= Alpha privative =

Prefix expressing negation or absence

An alpha privative or, rarely, privative a (from Latin alpha prīvātīvum, from Ancient Greek α στερητικόν) is the prefix a- or an- (before vowels) that is used in Indo-European languages such as Sanskrit and Greek and in words borrowed therefrom to express negation or absence, for example the English words of Greek origin atypical, anesthetic, and analgesic, as well as the English word of Sanskrit origin ahimsa (ahinsa).

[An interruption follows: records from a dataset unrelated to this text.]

(* Let $p$ be an odd prime and let $k$ be an integer with $2\le k\le p-1$. Let $T$ be an orthogonal trade in $B_p$ of index $(1,k)$. Then every symbol that occurs in $T$ occurs in $T$ at least $3$ times.
   Context: All arithmetic is modulo $p$, with elements of $\mathbb{Z}_p$ represented by residues $0,\dots,p-1$. A Latin square of order $p$ is viewed as a set of (row, column, symbol) triples in $\mathbb{Z}_p^3$. For $1\le k\le p-1$, $B_p(k)$ is the Latin square with symbol $ki+j$ in cell $(i,j)$, $i,j\in\mathbb{Z}_p$; $B_p=B_p(1)$. A Latin trade in a Latin square $L$ is a subset $T\subseteq L$ for which there is a partial Latin square $T'$ (a disjoint mate of $T$) such that $T$ and $T'$ occupy the same set of cells, $T\cap T'=\emptyset$, and each row (respectively column) of $T$ contains the same set of symbols as the corresponding row (column) of $T'$; then $(L\setminus T)\cup T'$ is a Latin square. Two Latin squares of order $p$ are orthogonal if superimposing them yields each of the $p^2$ ordered pairs of symbols exactly once. An orthogonal trade of index $(\ell,k)$ is a Latin trade $T\subseteq B_p(\ell)$ having a disjoint mate $T'$ such that $(B_p(\ell)\setminus T)\cup T'$ is orthogonal to $B_p(k)$. *)

(* Elements of Z_p are represented by ordinals 'I_p (residues
   0..p-1); arithmetic is done on their nat values modulo p. *)
From mathcomp Require Import all_boot.
Set Implicit Arguments. Unset Strict Implicit. Unset Printing Implicit Defensive.

Definition triple (p : nat) := ('I_p * 'I_p * 'I_p)%type.

Definition trow {p} (t : triple p) : 'I_p := t.1.1.
Definition tcol {p} (t : triple p) : 'I_p := t.1.2.
Definition tsym {p} (t : triple p) : 'I_p := t.2.

Definition Bp (p k : nat) : {set triple p} :=
  [set t : triple p | nat_of_ord (tsym t) == (k * trow t + tcol t) %% p].

Definition partial_latin {p} (P : {set triple p}) : Prop :=
  forall t u, t \in P -> u \in P ->
    [/\ (trow t = trow u /\ tcol t = tcol u -> t = u),
        (trow t = trow u /\ tsym t = tsym u -> t = u) &
        (tcol t = tcol u /\ tsym t = tsym u -> t = u)].

Definition cells {p} (P : {set triple p}) : {set 'I_p * 'I_p} :=
  [set (trow t, tcol t) | t in P].
Definition row_syms {p} (P : {set triple p}) (i : 'I_p) : {set 'I_p} :=
  [set tsym t | t in P & trow t == i].
Definition col_syms {p} (P : {set triple p}) (j : 'I_p) : {set 'I_p} :=
  [set tsym t | t in P & tcol t == j].

Definition disjoint_mate {p} (T T' : {set triple p}) : Prop :=
  [/\ partial_latin T', cells T = cells T', T :&: T' = set0,
      (forall i, row_syms T i = row_syms T' i) &
      (forall j, col_syms T j = col_syms T' j)].

Definition orthogonal {p} (L1 L2 : {set triple p}) : Prop :=
  forall a b : 'I_p,
    #|[set c : 'I_p * 'I_p | ((c.1, c.2, a) \in L1) && ((c.1, c.2, b) \in L2)]| = 1.

Definition orthogonal_trade (p l k : nat) (T : {set triple p}) : Prop :=
  T \subset Bp p l /\
  exists T' : {set triple p},
    disjoint_mate T T' /\ orthogonal ((Bp p l :\: T) :|: T') (Bp p k).
Arguments orthogonal_trade : clear implicits.

(** The rows and columns of a Latin trade carry the same symbols as those of
    its mate, so an entry of the mate with symbol s lies in a row and in a
    column of T that both contain s, at two distinct entries of T (they cannot
    coincide, since T and its mate are disjoint): hence s occurs at least twice
    in T.  If s occurred exactly twice, at (i1, j1) and (i2, j2), the pair
    (s, k i1 + j1), which B_p covered at (i1, j1), must still be covered by the
    new square.  Since B_p and B_p(k) are orthogonal, it is not covered by a
    cell kept from B_p, and a cell of the mate with symbol s lies at (i1, j2)
    or (i2, j1), where it would force j1 = j2 or k i1 = k i2 (mod p),
    contradicting that B_p is Latin. *)
From mathcomp Require Import all_boot.
Set Implicit Arguments. Unset Strict Implicit. Unset Printing Implicit Defensive.

Lemma triple_eq p (t u : triple p) :
  trow t = trow u -> tcol t = tcol u -> tsym t = tsym u -> t = u.
Proof. by case: t => [[? ?] ?]; case: u => [[? ?] ?]; rewrite /trow /tcol /tsym /= => -> -> ->. Qed.

Lemma eqn_modMl_prime p m a b : prime p -> ~~ (p %| m) ->
  (m * a == m * b %[mod p]) = (a == b %[mod p]).
Proof.
move=> p_pr p_ndvd_m; wlog le_ba : a b / b <= a.
  move=> W; case: (leqP b a) => [/W // | /ltnW /W].
  by rewrite eq_sym => ->; rewrite eq_sym.
by rewrite !eqn_mod_dvd ?leq_mul2l ?le_ba ?orbT // -mulnBr Euclid_dvdM // (negbTE p_ndvd_m).
Qed.

Lemma mod_small_eq p a b : a < p -> b < p -> a = b %[mod p] -> a = b.
Proof. by move=> ap bp; rewrite !modn_small. Qed.

Lemma affine_mod_inj p k i j i' j' : prime p -> ~~ (p %| k.-1) -> 0 < k ->
  i < p -> i' < p ->
  i + j = i' + j' %[mod p] -> k * i + j = k * i' + j' %[mod p] -> i = i'.
Proof.
move=> p_pr p_ndvd k_gt0 ip i'p sum_eq.
rewrite -(prednK k_gt0) !mulSn (addnC i) (addnC i') -!addnA.
rewrite -modnDmr sum_eq modnDmr => /eqP; rewrite eqn_modDr eqn_modMl_prime //.
by move/eqP; apply: mod_small_eq.
Qed.

Lemma in_Bp p l (t : triple p) :
  (t \in Bp p l) = (nat_of_ord (tsym t) == (l * trow t + tcol t) %% p).
Proof. by rewrite inE. Qed.

Lemma Bp1_row_sym_inj p (t u : triple p) : t \in Bp p 1 -> u \in Bp p 1 ->
  trow t = trow u -> tsym t = tsym u -> t = u.
Proof.
rewrite !in_Bp !mul1n => /eqP tB /eqP uB er es; apply: triple_eq => //.
apply: ord_inj; apply: (mod_small_eq (ltn_ord _) (ltn_ord _)); apply/eqP.
by rewrite -(eqn_modDl (trow t)) {2}er -tB -uB es.
Qed.

Lemma Bp1_col_sym_inj p (t u : triple p) : t \in Bp p 1 -> u \in Bp p 1 ->
  tcol t = tcol u -> tsym t = tsym u -> t = u.
Proof.
rewrite !in_Bp !mul1n => /eqP tB /eqP uB ec es; apply: triple_eq => //.
apply: ord_inj; apply: (mod_small_eq (ltn_ord _) (ltn_ord _)); apply/eqP.
by rewrite -(eqn_modDr (tcol t)) {2}ec -tB -uB es.
Qed.

Lemma Bp1_Bpk_sym_inj p k (t u : triple p) : prime p -> 1 < k -> k < p ->
  t \in Bp p 1 -> u \in Bp p 1 -> tsym t = tsym u ->
  k * trow t + tcol t = k * trow u + tcol u %[mod p] -> t = u.
Proof.
move=> p_pr k_gt1 k_ltp tB uB es ek; apply: (Bp1_row_sym_inj tB uB _ es).
apply/ord_inj/(affine_mod_inj p_pr _ _ (ltn_ord _) (ltn_ord _) _ ek).
- by rewrite gtnNdvd // ?ltn_predRL // (leq_ltn_trans (leq_pred k)).
- exact: ltnW.
move: tB uB; rewrite !in_Bp !mul1n => /eqP <- /eqP <-.
by rewrite es.
Qed.

Lemma orthogonal_cover p (L1 L2 : {set triple p}) a b : orthogonal L1 L2 ->
  exists c : 'I_p * 'I_p, ((c.1, c.2, a) \in L1) && ((c.1, c.2, b) \in L2).
Proof.
by move=> /(_ a b) /eqP; rewrite eqn_leq => /andP[_ /card_gt0P[c]]; rewrite inE; exists c.
Qed.

Section DisjointMate.

Variables (p : nat) (T T' : {set triple p}).
Hypothesis mate : disjoint_mate T T'.

Lemma mate_notin u : u \in T' -> u \notin T.
Proof.
case: mate => _ _ disj _ _ uT'; apply/negP => uT.
by have := in_setI u T T'; rewrite uT uT' disj inE.
Qed.

Lemma row_sym_mate t : t \in T ->
  exists2 u, u \in T' & trow u = trow t /\ tsym u = tsym t.
Proof.
case: mate => _ _ _ rowE _ tT.
have : tsym t \in row_syms T (trow t) by apply/imsetP; exists t; rewrite // inE tT eqxx.
by rewrite rowE => /imsetP[u]; rewrite inE => /andP[uT' /eqP ur] ->; exists u.
Qed.

Lemma mate_row_sym u : u \in T' ->
  exists2 t, t \in T & trow t = trow u /\ tsym t = tsym u.
Proof.
case: mate => _ _ _ rowE _ uT'.
have : tsym u \in row_syms T' (trow u) by apply/imsetP; exists u; rewrite // inE uT' eqxx.
by rewrite -rowE => /imsetP[t]; rewrite inE => /andP[tT /eqP tr] ->; exists t.
Qed.

Lemma mate_col_sym u : u \in T' ->
  exists2 t, t \in T & tcol t = tcol u /\ tsym t = tsym u.
Proof.
case: mate => _ _ _ _ colE uT'.
have : tsym u \in col_syms T' (tcol u) by apply/imsetP; exists u; rewrite // inE uT' eqxx.
by rewrite -colE => /imsetP[t]; rewrite inE => /andP[tT /eqP tc] ->; exists t.
Qed.

Lemma mate_witnesses u : u \in T' ->
  exists t v, [/\ t \in T, v \in T, t != v,
    trow t = trow u /\ tsym t = tsym u & tcol v = tcol u /\ tsym v = tsym u].
Proof.
move=> uT'; have [t tT [tr ts]] := mate_row_sym uT'.
have [v vT [vc vs]] := mate_col_sym uT'.
exists t, v; split=> //; apply: contraNneq (mate_notin uT') => tv.
by rewrite -(triple_eq tr _ ts) // tv.
Qed.

Lemma symbol_occurs_twice s : (exists2 t, t \in T & tsym t = s) ->
  1 < #|[set t in T | tsym t == s]|.
Proof.
case=> t0 t0T <-; have [u uT' [_ us]] := row_sym_mate t0T.
have [t [v [tT vT tv [_ ts] [_ vs]]]] := mate_witnesses uT'.
by apply/card_gt1P; exists t, v; rewrite !inE tT vT ts vs us !eqxx.
Qed.

End DisjointMate.

Section OrthogonalTradeB1.

Variables (p k : nat) (T T' : {set triple p}).
Hypotheses (p_pr : prime p) (k_gt1 : 1 < k) (k_ltp : k < p).
Hypotheses (T_sub : T \subset Bp p 1) (mate : disjoint_mate T T').
Hypothesis orth : orthogonal ((Bp p 1 :\: T) :|: T') (Bp p k).

Lemma symbol_not_twice s : #|[set t in T | tsym t == s]| != 2.
Proof.
apply/negP => /cards2P[t1 [t2 [_ S12]]].
have inS t : (t \in T) && (tsym t == s) = (t == t1) || (t == t2).
  by move/setP/(_ t): S12; rewrite !inE.
have /andP[t1T /eqP t1s] : (t1 \in T) && (tsym t1 == s) by rewrite inS eqxx.
have /andP[t2T /eqP t2s] : (t2 \in T) && (tsym t2 == s) by rewrite inS eqxx orbT.
have inB t : t \in T -> t \in Bp p 1 := subsetP T_sub t.
have p_gt0 : 0 < p := prime_gt0 p_pr.
pose b := Ordinal (ltn_pmod (k * trow t1 + tcol t1) p_gt0).
have [[c1 c2] /= /andP[cL cB]] := orthogonal_cover s b orth.
have {}cB : k * c1 + c2 = k * trow t1 + tcol t1 %[mod p] by move: cB; rewrite in_Bp => /eqP /= ->.
have k_ndvd : ~~ (p %| k) by rewrite gtnNdvd // ltnW.
case/setUP: cL => [/setDP[cB1 cT] | cT'].
- suff c_t1 : (c1, c2, s) = t1 by move: cT; rewrite c_t1 t1T.
  exact: Bp1_Bpk_sym_inj p_pr k_gt1 k_ltp cB1 (inB _ t1T) (esym t1s) cB.
- have [t [v [tT vT tv [tr ts] [vc vs]]]] := mate_witnesses mate cT'.
  have tr' : trow t = c1 := tr.
  have vc' : tcol v = c2 := vc.
  have : (t == t1) || (t == t2) by rewrite -inS tT ts eqxx.
  have : (v == t1) || (v == t2) by rewrite -inS vT vs eqxx.
  case/orP=> /eqP ev; case/orP=> /eqP et; subst v t; rewrite ?eqxx // in tv.
  + have r_eq : trow t2 = trow t1.
      apply: ord_inj; apply: mod_small_eq (ltn_ord _) (ltn_ord _) _; apply/eqP.
      by rewrite -(eqn_modMl_prime _ _ p_pr k_ndvd) -(eqn_modDr (tcol t1)) tr' {1}vc' cB.
    by move: tv; rewrite (Bp1_row_sym_inj (inB _ t2T) (inB _ t1T) r_eq) ?eqxx // t1s t2s.
  + have c_eq : tcol t2 = tcol t1.
      apply: ord_inj; apply: mod_small_eq (ltn_ord _) (ltn_ord _) _; apply/eqP.
      by rewrite -(eqn_modDl (k * trow t1)) {1}tr' vc' cB.
    by move: tv; rewrite (Bp1_col_sym_inj (inB _ t2T) (inB _ t1T) c_eq) ?eqxx // t1s t2s.
Qed.

End OrthogonalTradeB1.

Theorem lemma3p1 (p k : nat) (T : {set triple p}) :
  prime p -> odd p -> (2 <= k)%N -> (k <= p - 1)%N ->
  orthogonal_trade p 1 k T ->
  forall s : 'I_p, (exists2 t, t \in T & tsym t = s) ->
    (3 <= #|[set t in T | tsym t == s]|)%N.
Proof.
move=> p_pr _ k_gt1 k_le [T_sub [T' [mate orth]]] s occ_s.
have k_ltp : k < p by rewrite -(prednK (prime_gt0 p_pr)) ltnS -subn1.
have not2 := symbol_not_twice p_pr k_gt1 k_ltp T_sub mate orth s.
have gt1 := symbol_occurs_twice mate occ_s.
by rewrite ltn_neqAle eq_sym not2.
Qed.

It is derived from a Proto-Indo-European syllabic nasal n̥-, the zero ablaut grade of the negation ne, i.e. /n/ used as a vowel. For this reason, it usually appears as an- before vowels (e.g. an-alphabetism, an-esthesia, an-archy). It shares the same root with the Greek prefix nē- or ne-, in Greek νη- or νε-, that is also privative (e.g. ne-penthe).

It is not to be confused with, among other things, an alpha copulative (e.g. a-delphós) or the prefix an- (i.e. the preposition aná with ecthlipsis or elision of its final vowel before a following vowel; e.g. an-ode).

==Cognates==

===Sanskrit===
The same prefix appears in Sanskrit, also as a- before consonants; and an- before vowels (written अ and अन्, respectively in Devanagari).

===Latin===
In Latin, the cognate prefix is in-, which leaves its traces in English words like invisible and inaccessible, and in its assimilated form in words like irresistible, irrelevant, irresponsible, illegitimate, illegal, illiterate. The prepositional prefix in- is unrelated.

===Germanic languages===
In English and other West Germanic languages, the cognate is un- (or on-).

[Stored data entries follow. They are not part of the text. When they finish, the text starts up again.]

Lemma rnorm_sum (I : Type) (s : seq I) (P : pred I) (F : I -> C) :
  rnorm (\sum_(i <- s | P i) F i) <= \sum_(i <- s | P i) rnorm (F i).
Proof.
rewrite -lecR rmorph_sum /= -norm_rnorm.
under [X in _ <= X]eq_bigr do rewrite -norm_rnorm.
exact: ler_norm_sum.
Qed.

Lemma rnorm_sumB (I : Type) (s : seq I) (F G : I -> C) :
  rnorm (\sum_(i <- s) F i - \sum_(i <- s) G i) <= \sum_(i <- s) rnorm (F i - G i).
Proof. by rewrite -sumrB; apply: rnorm_sum. Qed.

Lemma rnorm_real (a : R) : rnorm a%:C = `|a|.
Proof.
apply: (@complexI R); rewrite -norm_rnorm.
have [a0|a0] := lerP 0 a; first by rewrite !ger0_norm // ler0c.
by rewrite !ltr0_norm ?ltcR // rmorphN.
Qed.

Lemma rnorm_norm (x : C) : rnorm `|x| = rnorm x.
Proof. by rewrite {1}norm_rnorm rnorm_real ger0_norm // rnorm_ge0. Qed.

Lemma ltc_rnorm x e : (`|x| < e%:C) = (rnorm x < e).
Proof. by rewrite norm_rnorm ltcR. Qed.

Lemma lec_rnorm x e : (`|x| <= e%:C) = (rnorm x <= e).
Proof. by rewrite norm_rnorm lecR. Qed.

Lemma rnorm_lt1 (x : C) : (`|x| < 1) = (rnorm x < 1).
Proof. by rewrite -ltc_rnorm. Qed.

Lemma rnorm_le1 (x : C) : (`|x| <= 1) = (rnorm x <= 1).
Proof. by rewrite -lec_rnorm. Qed.

Lemma gt0_realC (e : C) : 0 < e -> e = (complex.Re e)%:C /\ 0 < complex.Re e.
Proof.
move=> e0; have er : e \is Num.real by rewrite gtr0_real.
by split; rewrite ?RRe_real // -ltcR RRe_real.
Qed.

End RealNorm.

Section Boxes.
Variable k : nat.
Local Notation mi := {ffun 'I_k -> nat}.

(* Multi-indices are finite functions, so that they have a decidable equality;
   [box N] lists the multi-indices in {0, ..., N-1}^k, without repetition. *)
Definition box N : seq mi :=
  map (fun a : {ffun 'I_k -> 'I_N} => [ffun j => (a j : nat)])
      (enum {ffun 'I_k -> 'I_N}).

Lemma mem_boxP N (x : mi) : reflect (forall j, (x j < N)%N) (x \in box N).
Proof.
apply: (iffP mapP) => [[a _ ->] j|H]; first by rewrite ffunE.
exists [ffun j => Ordinal (H j)]; first by rewrite mem_enum.
by apply/ffunP => j; rewrite !ffunE.
Qed.

Lemma box_uniq N : uniq (box N).
Proof.
rewrite map_inj_uniq ?enum_uniq // => a b /ffunP H.
by apply/ffunP => j; apply: val_inj; have := H j; rewrite !ffunE.
Qed.

Lemma boxsumE (R : realType) N (F : ('I_k -> nat) -> R[i]) :
  boxsum N F = \sum_(x <- box N) F x.
Proof.
rewrite /boxsum /box big_map big_enum /=.
apply: eq_bigr => a _; congr F; apply: functional_extensionality => j.
by rewrite ffunE.
Qed.

Lemma box_mono N M (x : mi) : (N <= M)%N -> x \in box N -> x \in box M.
Proof.
by move=> NM /mem_boxP H; apply/mem_boxP => j; apply: leq_trans (H j) NM.
Qed.

Lemma mem_box_self (y : mi) : y \in box (\sum_j y j).+1.
Proof. by apply/mem_boxP => j; rewrite ltnS (bigD1 j) //= leq_addr. Qed.

Lemma box_cover (s : seq mi) : exists M, forall x, x \in s -> x \in box M.
Proof.
elim: s => [|y s [M HM]]; first by exists 0%N.
exists (maxn M (\sum_j y j).+1) => x; rewrite inE => /orP[/eqP->|/HM].
  by apply: box_mono (mem_box_self y); rewrite leq_maxr.
by apply: box_mono; rewrite leq_maxl.
Qed.

Lemma big_mem_subseq (V : nmodType) (s t : seq mi) (F : mi -> V) :
  uniq s -> uniq t -> {subset t <= s} ->
  \sum_(x <- s | x \in t) F x = \sum_(x <- t) F x.
Proof.
move=> us ut ts; rewrite -big_filter; apply: perm_big; apply: uniq_perm.
- exact: filter_uniq.
- exact: ut.
by move=> x; rewrite mem_filter; apply/andP/idP => [[]//|xt]; split => //; apply: ts.
Qed.

Lemma eq_big_uniq_mem (V : nmodType) (s1 s2 : seq mi) (P : pred mi) (F : mi -> V) :
  uniq s1 -> uniq s2 -> (forall x, P x -> (x \in s1) = (x \in s2)) ->
  \sum_(x <- s1 | P x) F x = \sum_(x <- s2 | P x) F x.
Proof.
move=> u1 u2 H; rewrite -big_filter -[RHS]big_filter; apply: perm_big.
apply: uniq_perm; try exact: filter_uniq.
by move=> x; rewrite !mem_filter; case Px: (P x) => //=; apply: H.
Qed.

Lemma ler_box_sum (R : realType) (F : mi -> R) N M : (N <= M)%N ->
  (forall x, 0 <= F x) -> \sum_(x <- box N) F x <= \sum_(x <- box M) F x.
Proof.
move=> NM F0.
rewrite -(big_mem_subseq F (box_uniq M) (box_uniq N)); last by move=> x; apply: box_mono.
by rewrite [X in _ <= X](bigID (fun x => x \in box N)) /= lerDl sumr_ge0.
Qed.

Lemma box_sum_finite (V : nmodType) (F : mi -> V) M N :
  (forall x, x \notin box M -> F x = 0) -> (M <= N)%N ->
  \sum_(x <- box N) F x = \sum_(x <- box M) F x.
Proof.
move=> HF MN; rewrite [LHS](bigID (fun x => x \in box M)) /= big_mem_subseq ?box_uniq //.
  by rewrite [X in _ + X = _]big1 ?addr0 // => x /HF.
by move=> x; apply: box_mono.
Qed.

Lemma box_sum_point (V : nmodType) (y : mi) (c : V) M : y \in box M ->
  \sum_(x <- box M) (if x == y then c else 0) = c.
Proof.
move=> yM; rewrite -big_mkcond /= -big_filter filter_pred1_uniq ?box_uniq //.
by rewrite big_seq1.
Qed.

End Boxes.

Arguments box_uniq {k} N.

Section Limits.
Variable R : realType.
Local Notation C := R[i].

Definition cvgR (u : nat -> R) (l : R) := forall e : R, 0 < e ->
  exists N0, forall N, (N0 <= N)%N -> `|u N - l| < e.
Definition cvgC (u : nat -> C) (l : C) := forall e : R, 0 < e ->
  exists N0, forall N, (N0 <= N)%N -> rnorm (u N - l) < e.

Lemma eq0_small_rnorm (x : C) : (forall e : R, 0 < e -> rnorm x < e) -> x = 0.
Proof.
move=> H; apply/eqP; rewrite -rnorm_eq0; apply/eqP.
have h0 := rnorm_ge0 x.
case: (lerP (rnorm x) 0) => hx; first by lra.
have := H _ hx; lra.
Qed.

Lemma cvgC_unique u l l' : cvgC u l -> cvgC u l' -> l = l'.
Proof.
move=> H H'; apply/eqP; rewrite -subr_eq0; apply/eqP; apply: eq0_small_rnorm => e e0.
have e2 : 0 < e / 2 by lra.
have [N1 HN1] := H _ e2; have [N2 HN2] := H' _ e2.
have := HN1 (maxn N1 N2) (leq_maxl _ _); have := HN2 (maxn N1 N2) (leq_maxr _ _).
have := rnormD (l - u (maxn N1 N2)) (u (maxn N1 N2) - l').
rewrite [rnorm (l - _)]rnorm_distC.
have -> : l - u (maxn N1 N2) + (u (maxn N1 N2) - l') = l - l' by ring.
lra.
Qed.

Lemma cvgR_cvgC (u : nat -> R) l : cvgR u l <-> cvgC (fun N => (u N)%:C) l%:C.
Proof.
by split => H e e0; have [N0 H0] := H e e0; exists N0 => N HN; have := H0 N HN;
  rewrite -rmorphB rnorm_real.
Qed.

Lemma cvgR_unique u l l' : cvgR u l -> cvgR u l' -> l = l'.
Proof.
by move=> /cvgR_cvgC H /cvgR_cvgC H'; apply: (@complexI R); apply: cvgC_unique H H'.
Qed.

Lemma cvgR_le u v a b : cvgR u a -> cvgR v b ->
  (exists N0, forall N, (N0 <= N)%N -> u N <= v N) -> a <= b.
Proof.
move=> Hu Hv [N0 H0]; case: (lerP a b) => // ba.
have e0 : 0 < (a - b) / 2 by lra.
have [N1 H1] := Hu _ e0; have [N2 H2] := Hv _ e0.
pose N := maxn N0 (maxn N1 N2).
have := H0 N (leq_maxl _ _).
have := H1 N (leq_trans (leq_maxl _ _) (leq_maxr _ _)).
have := H2 N (leq_trans (leq_maxr _ _) (leq_maxr _ _)).
rewrite !ltr_norml; lra.
Qed.

Lemma cvgR_cst c : cvgR (fun _ => c) c.
Proof. by move=> e e0; exists 0%N => N _; rewrite subrr normr0. Qed.

Lemma cvgCD u v a b : cvgC u a -> cvgC v b -> cvgC (fun N => u N + v N) (a + b).
Proof.
move=> Hu Hv e e0; have e2 : 0 < e / 2 by lra.
have [N1 H1] := Hu _ e2; have [N2 H2] := Hv _ e2.
exists (maxn N1 N2) => N HN.
have := H1 N (leq_trans (leq_maxl _ _) HN); have := H2 N (leq_trans (leq_maxr _ _) HN).
have := rnormD (u N - a) (v N - b).
have -> : u N - a + (v N - b) = u N + v N - (a + b) by ring.
lra.
Qed.

Lemma cvgCMl c u a : cvgC u a -> cvgC (fun N => c * u N) (c * a).
Proof.
move=> Hu e e0.
have c0 : 0 < rnorm c + 1 by have := rnorm_ge0 c; lra.
have [N1 H1] := Hu (e / (rnorm c + 1)) (divr_gt0 e0 c0).
exists N1 => N HN; rewrite -mulrBr rnormM.
have := H1 N HN; have := rnorm_ge0 c; have := rnorm_ge0 (u N - a) => h1 h2 h3.
have : rnorm c * rnorm (u N - a) <= (rnorm c + 1) * rnorm (u N - a) by nra.
have : (rnorm c + 1) * rnorm (u N - a) < e.
  by rewrite mulrC -ltr_pdivlMr.
lra.
Qed.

In North Germanic languages, the -n- has disappeared and Old Norse has ú- (e.g. ú-dáins-akr), Danish and Norwegian have u-, whereas Swedish uses o- (pronounced [u]), and Icelandic and Faroese use the related ó-.

==Homonym==
The prefix ἁ- ha- (also ἀ- a- from psilosis), copulative a, is nearly homonymous with privative a, but originates from Proto-Indo-European sm̥.